Оба замолчали, лишь время от времени осеняли себя крестным знамением.
– А ты знал о том, – нарушил молчание Микола, – что в эпосе у нартского народа, его племена живут на Кавказе, есть свой святой? Зовут его Уастырджи.
– Устыр чего?! – не понял граф.
– Уастырджи, – усмехнулся казак. – Так вот, примечательно то, что этот самый Уастырджи в православной интерпретации именуется как Святой Георгий Победоносец.
– Гляди ж ты, – покачал головой Иван.
– Согласно легендам об Уастырджи, старец является покровителем путников, воинов, мужчин и врагом воров, убийц, мошенников. Он спускался с небес и оказывал покровительство добродетельным горцам, привлекал удачу, вознаграждал за добрые дела и узнавал, помогают ли люди друг другу в беде и нужде.
– Смотри, как все переплетено, – с интересом заметил Иван. – Вроде и религии разные, а святой вроде как один.
– Бог один, Ваня, – продолжил Микола. – Единый Создатель и Отец Небесный. Веры в него разные. Единственная правильная – наша. Поэтому и названа православной.
– Удивляюсь я тебе, односум. До восхищения. Вера в тебе, как тот кремень. Кинжал обломать можно. А я так себе, захожанин.
– Мы с верой не рождаемся, Ваня. Вера в нас со Святым Крещением входит, как тот Свет Божий. И этот Свет, как огонь, поддерживать нужно, постоянно, на протяжении всей жизни земной. Чтобы светлым в жизнь вечную войти. Каждый грех – пятно грязное, свет тот заслоняющее. Вот и ходим мы с душами пятнистыми, не думая о том, что в Царство Небесное грязным входа нет.

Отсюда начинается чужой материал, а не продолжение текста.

Lemma unflat_flat d (A : tensor F n (2 * d)) : unflat (flat A) = A.
Proof.
apply/ffunP => z; rewrite !ffunE; congr (A _); apply/ffunP => p; rewrite !ffunE.
have p_eq := odd_double_half p; rewrite -muln2 in p_eq.
case: ifP => p_odd; apply/val_inj => /=; rewrite p_odd /= in p_eq.
  by rewrite modnMDl modn_small //; congr (val (z _)); apply/val_inj => /=; lia.
by rewrite divnMDl // divn_small // addn0; congr (val (z _)); apply/val_inj => /=; lia.
Qed.

Lemma unflatD k (B C : tensor F (n * n) k) : unflat (B + C) = unflat B + unflat C.
Proof. by apply/ffunP => z; rewrite !ffunE. Qed.

Lemma unflat0 k : unflat (0 : tensor F (n * n) k) = 0.
Proof. by apply/ffunP => z; rewrite !ffunE. Qed.

Lemma unflat_tprod e f k (efk : (e + f)%N = k) (efk2 : (2 * e + 2 * f)%N = (2 * k)%N)
    (B : tensor F (n * n) e) (C : tensor F (n * n) f) :
  unflat (tprod efk B C) = tprod efk2 (unflat B) (unflat C).
Proof.
apply/ffunP => z; rewrite !ffunE; congr (B _ * C _); apply/ffunP => i; rewrite !ffunE;
  by congr pair_ord; congr (z _); apply/val_inj => /=; lia.
Qed.

End Flattenings.

Lemma tprod_sum (F : fieldType) (I1 I2 : finType) N e f k (efk : (e + f)%N = k)
    (X : I1 -> tensor F N e) (Y : I2 -> tensor F N f) :
  tprod efk (\sum_i X i) (\sum_j Y j) = \sum_i \sum_j tprod efk (X i) (Y j).
Proof.
apply/ffunP => z; rewrite !ffunE !sum_ffunE big_distrlr /=.
by apply: eq_bigr => i _; rewrite sum_ffunE; apply: eq_bigr => j _; rewrite ffunE.
Qed.

Local Notation R := Rdefinitions.R.

Section RelativeRank.
Variables (F : fieldType) (n' : nat).
Local Notation n := n'.+1.

Lemma relrk_complE d a al b (A : tensor F n (2 * d)) :
  relrk a al b A = (\rank (Mat (Iset a al b) (~: Iset a al b) A))%:R / n%:R ^+ d.
Proof. by rewrite /relrk JsetC. Qed.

– Вот опять ты со своей проповедью, – высказался Суздалев.
– Да нет, Ваня, я не священник, чтобы проповедовать. К слову сказал. У самого грехов по уши. Не знаю, когда отмоюсь от них.
Суздалев посмотрел на друга молча. Ничего не сказал, но нестерпимо захотелось обратиться к Создателю мира сего. Губы зашевелились, шепча «Отче наш».
Билый, чувствуя душевное состояние друга, мысленно просил Царицу Небесную о помощи рабу Божьему Ивану и заступничестве о нем перед Господом.
– Иди ты, бисова душа, – в сердцах произнес Микола. То Малахай видя склоненную голову казака, неслышно подошел и лизнул его в лицо. – Молюсь я, не видишь!
Малахай весело завилял хвостом, перетаптываясь с лапы на лапу и безудержно поскуливая.